In the water column above the seafloor, down to about 200 meters below the surface.
Tuna, barracuda, dolphin, hammerhead shark, whale shark, sailfish, and of course the backbone of the chain: plankton.
In the photic zone runs the giant photosynthesis factory that lets us breathe. Carbon dioxide is fixed there—instead of making trouble in the atmosphere—and the food chain is built from small to large.
Come to us, to us, to the sea! To the passionate, wild sea. To this sun, To the strong winds, For the sea is open to us all.
(Dan Almagor)

You enter the water and start swimming toward the open sea. The popsicle cart, the plastic chairs, and snorkels poking from the surface fade away. A hundred meters out, then another. One look through the mask—you no longer see the bottom, only clear blue water. Blue above, blue below, nothing to fix your bearings to. You are handed over to nature: fast currents, tossing eddies, strong winds, unstoppable storms. A pod of dolphins appears from nowhere, cuts past you, wheels in and out, and vanishes. A black shadow slides beneath you. A shark? A cloud of fleeing fry slips away from the shadow.

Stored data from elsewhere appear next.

Lemma RInt_Rplus (f g : R -> R) a b :
  ex_RInt f a b -> ex_RInt g a b ->
  RInt (fun x => f x + g x) a b = RInt f a b + RInt g a b.
Proof. exact (RInt_plus f g a b). Qed.

Lemma ex_RInt_Rplus (f g : R -> R) a b :
  ex_RInt f a b -> ex_RInt g a b -> ex_RInt (fun x => f x + g x) a b.
Proof. exact (ex_RInt_plus f g a b). Qed.

Lemma RInt_Rmult_l (f : R -> R) k a b :
  ex_RInt f a b -> RInt (fun x => k * f x) a b = k * RInt f a b.
Proof. exact (RInt_scal f a b k). Qed.

Lemma ex_RInt_Rmult_l (f : R -> R) k a b :
  ex_RInt f a b -> ex_RInt (fun x => k * f x) a b.
Proof. exact (ex_RInt_scal f a b k). Qed.

Lemma le_sqrt_mult_of_AM_GM (I F G : R) : 0 <= F -> 0 <= G ->
  (forall th, 0 < th -> I <= th / 2 * F + G / (2 * th)) -> I <= sqrt F * sqrt G.
Proof.
  intros HF HG H.
  assert (0 <= sqrt F * sqrt G) by (apply Rmult_le_pos; apply sqrt_pos).
  destruct (Rle_or_lt I 0) as [HI | HI]; [lra|].
  destruct HF as [HF | <-]; destruct HG as [HG | <-].
  - assert (sF := sqrt_lt_R0 F HF). assert (sG := sqrt_lt_R0 G HG).
    specialize (H (sqrt G / sqrt F) ltac:(apply Rdiv_lt_0_compat; auto)).
    rewrite <- (sqrt_sqrt F) in H at 2 by lra. rewrite <- (sqrt_sqrt G) in H at 2 by lra.
    replace (sqrt G / sqrt F / 2 * (sqrt F * sqrt F) + sqrt G * sqrt G / (2 * (sqrt G / sqrt F)))
      with (sqrt F * sqrt G) in H by (field; lra).
    exact H.
  - specialize (H (I / F) ltac:(apply Rdiv_lt_0_compat; auto)).
    replace (I / F / 2 * F + 0 / (2 * (I / F))) with (I / 2) in H by (field; lra). lra.
  - specialize (H (G / I) ltac:(apply Rdiv_lt_0_compat; auto)).
    replace (G / I / 2 * 0 + G / (2 * (G / I))) with (I / 2) in H by (field; lra). lra.
  - specialize (H 1 Rlt_0_1). lra.
Qed.

Lemma RInt_abs_mult_le (f g : R -> R) a b : a <= b ->
  (forall x, a <= x <= b -> continuous f x) -> (forall x, a <= x <= b -> continuous g x) ->
  RInt (fun x => Rabs (f x) * Rabs (g x)) a b <=
  sqrt (RInt (fun x => f x ^ 2) a b) * sqrt (RInt (fun x => g x ^ 2) a b).
Proof.
  intros Hab Hf Hg.
  assert (If : ex_RInt (fun x => f x ^ 2) a b)
    by (apply ex_RInt_continuous_on; [exact Hab | intros x Hx; split_continuous; auto]).
  assert (Ig : ex_RInt (fun x => g x ^ 2) a b)
    by (apply ex_RInt_continuous_on; [exact Hab | intros x Hx; split_continuous; auto]).
  apply le_sqrt_mult_of_AM_GM;
    [apply RInt_ge_0; auto; intros; apply pow2_ge_0 ..|].
  intros th Hth.
  replace (th / 2 * RInt (fun x => f x ^ 2) a b + RInt (fun x => g x ^ 2) a b / (2 * th))
    with (th / 2 * RInt (fun x => f x ^ 2) a b + / (2 * th) * RInt (fun x => g x ^ 2) a b)
    by (field; lra).
  rewrite <- !RInt_Rmult_l, <- RInt_Rplus by auto using ex_RInt_Rmult_l.
  apply RInt_le; auto.
  - apply ex_RInt_continuous_on; [exact Hab | intros x Hx; split_continuous; auto].
  - apply ex_RInt_continuous_on; [exact Hab | intros x Hx; split_continuous; auto].
  - intros x _. rewrite <- (pow2_abs (f x)), <- (pow2_abs (g x)).
    assert (0 <= (th * Rabs (f x) - Rabs (g x)) ^ 2 / (2 * th))
      by (apply Rdiv_le_0_compat; [apply pow2_ge_0 | lra]).
    replace (th / 2 * Rabs (f x) ^ 2 + / (2 * th) * Rabs (g x) ^ 2)
      with (Rabs (f x) * Rabs (g x) + (th * Rabs (f x) - Rabs (g x)) ^ 2 / (2 * th))
      by (field; lra).
    lra.
Qed.

Lemma RInt_derive_periodic (g dg : R -> R) :
  (forall x, is_derive g x (dg x)) -> (forall x, continuous dg x) ->
  (forall x, g (x + 2 * PI) = g x) -> RInt dg (- PI) PI = 0.
Proof.
  intros Hg Hdg Hper.
  rewrite (is_RInt_unique _ _ _ _
             (is_RInt_derive g dg (- PI) PI (fun x _ => Hg x) (fun x _ => Hdg x))).
  change (g PI - g (- PI) = 0).
  replace PI with (- PI + 2 * PI) at 1 by ring. rewrite Hper. ring.
Qed.

Lemma RInt_param_le_near_0 (F : R -> R -> R) a b : a <= b ->
  (forall x, a <= x <= b ->
     filterlim (fun p : R * R => F (fst p) (snd p))
       (within (fun p : R * R => 0 <= snd p) (locally (x, 0))) (locally (F x 0))) ->
  (forall s, 0 < s -> ex_RInt (fun x => F x s) a b) ->
  exists delta, 0 < delta /\ forall s, 0 < s <= delta ->
    RInt (fun x => F x s) a b <= RInt (fun x => F x 0) a b + (b - a).
Proof.
  intros Hab Hf Hslice.
  (* extending F evenly to s < 0 makes it continuous at (x, 0), so uniform continuity applies *)
  set (G := fun x s => F x (Rabs s)).
  assert (HG : forall x, a <= x <= b -> continuous (fun p : R * R => G (fst p) (snd p)) (x, 0))
    by (intros; apply continuous_Rabs_extension; auto).
  assert (I0 : ex_RInt (fun x => F x 0) a b).
  { apply ex_RInt_continuous_on; auto. intros x Hx.
    generalize (continuous_slice_fst G x 0 (HG x Hx)). unfold G. rewrite Rabs_R0. easy. }
  destruct (uniform_continuity_2d_1d G a b 0
              (fun x Hx => proj2 (continuity_2d_pt_filterlim G x 0) (HG x Hx))
              (mkposreal 1 Rlt_0_1)) as [delta Hdelta].
  exists delta. split; [apply cond_pos|]. intros s Hs.
  assert (Hsum : RInt (fun x => F x 0 + 1) a b = RInt (fun x => F x 0) a b + (b - a)).
  { rewrite RInt_Rplus by (auto; apply ex_RInt_const).
    rewrite RInt_const. f_equal; apply Rmult_1_r. }
  rewrite <- Hsum. apply RInt_le; [lra | apply Hslice; lra | |].
  - apply ex_RInt_Rplus; [exact I0 | apply ex_RInt_const].
  - intros x Hx.
    specialize (Hdelta x 0 x s ltac:(lra) ltac:(lra) ltac:(lra) ltac:(lra)
                  ltac:(rewrite Rminus_diag, Rabs_R0; apply cond_pos)).
    unfold G in Hdelta. simpl in Hdelta.
    rewrite Rabs_R0, (Rabs_pos_eq s) in Hdelta by lra.
    apply Rabs_lt_between in Hdelta. lra.
Qed.

Lemma nonincreasing_of_is_derive_nonpos (w dw : R -> R) t0 :
  (forall t, t0 <= t -> is_derive w t (dw t)) -> (forall t, t0 <= t -> dw t <= 0) ->
  forall t, t0 <= t -> w t <= w t0.
Proof.
  intros Hw Hneg t Ht.
  destruct (MVT_gen w t0 t dw) as [c [Hc Hmvt]];
    rewrite ?Rmin_left, ?Rmax_right in * by exact Ht.
  - intros s Hs. apply Hw. lra.
  - intros s Hs. apply continuity_pt_filterlim, (ex_derive_continuous (V := R_NormedModule)).
    exists (dw s). apply Hw. lra.
  - assert (dw c <= 0) by (apply Hneg; lra). nra.
Qed.

Lemma linear_differential_inequality (phi dphi : R -> R) a K t0 :
  (forall t, t0 <= t -> is_derive phi t (dphi t)) ->
  (forall t, t0 <= t -> dphi t <= - a * phi t + a * K) ->
  forall t, t0 <= t -> phi t <= K + exp (- (a * (t - t0))) * (phi t0 - K).
Proof.
  intros Hphi Hineq t Ht.
  assert (Hw := nonincreasing_of_is_derive_nonpos
    (fun s => exp (a * s) * (phi s - K))
    (fun s => exp (a * s) * (dphi s + a * (phi s - K))) t0).
  assert (Hmono : exp (a * t) * (phi t - K) <= exp (a * t0) * (phi t0 - K)).
  { apply Hw; [| | exact Ht].
    - intros s Hs. auto_derive.
      + exists (dphi s). apply Hphi, Hs.
      + rewrite (is_derive_unique _ s (dphi s)) by apply Hphi, Hs. ring.
    - intros s Hs. specialize (Hineq s Hs).
      assert (0 < exp (a * s)) by apply exp_pos. nra. }
  assert (Hsplit : exp (a * t0) = exp (- (a * (t - t0))) * exp (a * t))
    by (rewrite <- exp_plus; f_equal; ring).
  rewrite Hsplit in Hmono.
  assert (0 < exp (a * t)) by apply exp_pos.
  nra.
Qed.

Lemma le_Rmax_of_linear_differential_inequality (phi dphi : R -> R) a K t0 : 0 <= a ->
  (forall t, t0 <= t -> is_derive phi t (dphi t)) ->
  (forall t, t0 <= t -> dphi t <= - a * phi t + a * K) ->
  forall t, t0 <= t -> phi t <= Rmax (phi t0) K.
Proof.
  intros Ha Hphi Hineq t Ht.
  assert (Hdecay := linear_differential_inequality phi dphi a K t0 Hphi Hineq t Ht).
  assert (0 < exp (- (a * (t - t0)))) by apply exp_pos.
  assert (exp (- (a * (t - t0))) <= 1).
  { assert (1 <= exp (a * (t - t0))) by (generalize (exp_ineq1_le (a * (t - t0))); nra).
    rewrite exp_Ropp, <- Rinv_1. apply Rinv_le_contravar; lra. }
  unfold Rmax. destruct Rle_dec; nra.
Qed.

Lemma pow2_sqrt_le_Rmax (x : R) : sqrt x ^ 2 <= Rmax x 0.
Proof.
  destruct (Rle_or_lt 0 x) as [Hx | Hx].
  - rewrite pow2_sqrt by exact Hx. apply Rmax_l.
  - rewrite sqrt_neg_0 by lra. simpl. rewrite Rmult_0_l. apply Rmax_r.
Qed.

Lemma limsup_le_weaken (g : R -> R) c c' : c <= c' -> limsup_le g c -> limsup_le g c'.
Proof.
  intros Hc Hg eps Heps. destruct (Hg eps Heps) as [T HT].
  exists T. intros t Ht. specialize (HT t Ht). lra.
Qed.

Lemma bounded_of_linear_differential_inequality (phi dphi : R -> R) a K delta B0 :
  0 <= a -> 0 < delta ->
  (forall t, 0 < t -> is_derive phi t (dphi t)) ->
  (forall t, 0 < t -> dphi t <= - a * phi t + a * K) ->
  (forall s, 0 <= s <= delta -> phi s <= B0) ->
  forall t, 0 <= t -> phi t <= Rmax B0 K.
Proof.
  intros Ha Hdelta Hphi Hineq Hinit t Ht.
  destruct (Rle_or_lt t delta) as [Htd | Htd].
  - eapply Rle_trans; [apply Hinit; lra | apply Rmax_l].
  - eapply Rle_trans.
    + apply (le_Rmax_of_linear_differential_inequality phi dphi a K delta Ha);
        [intros; apply Hphi; lra | intros; apply Hineq; lra | lra].
    + apply Rle_max_compat_r, Hinit. lra.
Qed.

Lemma exp_neg_le_inv (u : R) : 0 < u -> exp (- u) <= / u.
Proof.
  intros Hu. rewrite exp_Ropp. apply Rinv_le_contravar; [exact Hu|].
  generalize (exp_ineq1_le u). lra.
Qed.

Lemma exp_decay_eventually_le (a c eps t0 : R) : 0 < a -> 0 < eps ->
  exists T, forall t, T <= t -> exp (- (a * (t - t0))) * c <= eps.
Proof.
  intros Ha Heps.
  set (m := Rmax c 0).
  exists (t0 + (m + 1) / (eps * a)). intros t Ht.
  set (u := a * (t - t0)).
  assert (Hu : m + 1 <= eps * u).
  { replace (m + 1) with (eps * a * ((m + 1) / (eps * a))) by (field; lra).
    unfold u. rewrite <- Rmult_assoc.
    apply Rmult_le_compat_l; [nra | lra]. }
  assert (Hm : 0 <= m) by apply Rmax_r.
  assert (Hupos : 0 < u) by nra.
  apply Rle_trans with (exp (- u) * m).
  { apply Rmult_le_compat_l; [left; apply exp_pos | apply Rmax_l]. }
  apply Rle_trans with (/ u * m).
  { apply Rmult_le_compat_r; [exact Hm | apply exp_neg_le_inv, Hupos]. }
  apply (Rmult_le_reg_l u); [exact Hupos|].
  replace (u * (/ u * m)) with m by (field; lra). lra.
Qed.

Lemma limsup_sqrt_le_of_linear_differential_inequality (phi dphi : R -> R) a z t0 :
  0 < a -> 0 <= z ->
  (forall t, t0 <= t -> is_derive phi t (dphi t)) ->
  (forall t, t0 <= t -> dphi t <= - a * phi t + a * z ^ 2) ->
  limsup_le (fun t => sqrt (phi t)) z.
Proof.
  intros Ha Hz Hphi Hineq eps Heps.
  destruct (exp_decay_eventually_le a (phi t0 - z ^ 2) ((z + eps) ^ 2 - z ^ 2) t0 Ha)
    as [T HT]; [nra|].
  exists (Rmax T t0). intros t Ht.
  assert (HTt : T <= t) by (eapply Rle_trans; [apply Rmax_l | exact Ht]).
  assert (Ht0 : t0 <= t) by (eapply Rle_trans; [apply Rmax_r | exact Ht]).
  assert (Hphit := linear_differential_inequality phi dphi a (z ^ 2) t0 Hphi Hineq t Ht0).
  specialize (HT t HTt).
  rewrite <- (sqrt_pow2 (z + eps)) by lra.
  apply sqrt_le_1_alt. lra.
Qed.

The sky reddens and darkens, and then it begins: billions of creatures rise from the depths—a quiet but frantic traffic. Tiny copepods, fish larvae, zooplankton that hid deep by day and surface at night to graze microscopic plants. They are not alone—their predators follow, and predators of predators. Everyone tries their luck at the mass buffet on the surface. At first light survivors slip back to depth to hide, then sun again, then a big fish chasing a shoal of small ones. Then stillness—the life cycle of the open sea.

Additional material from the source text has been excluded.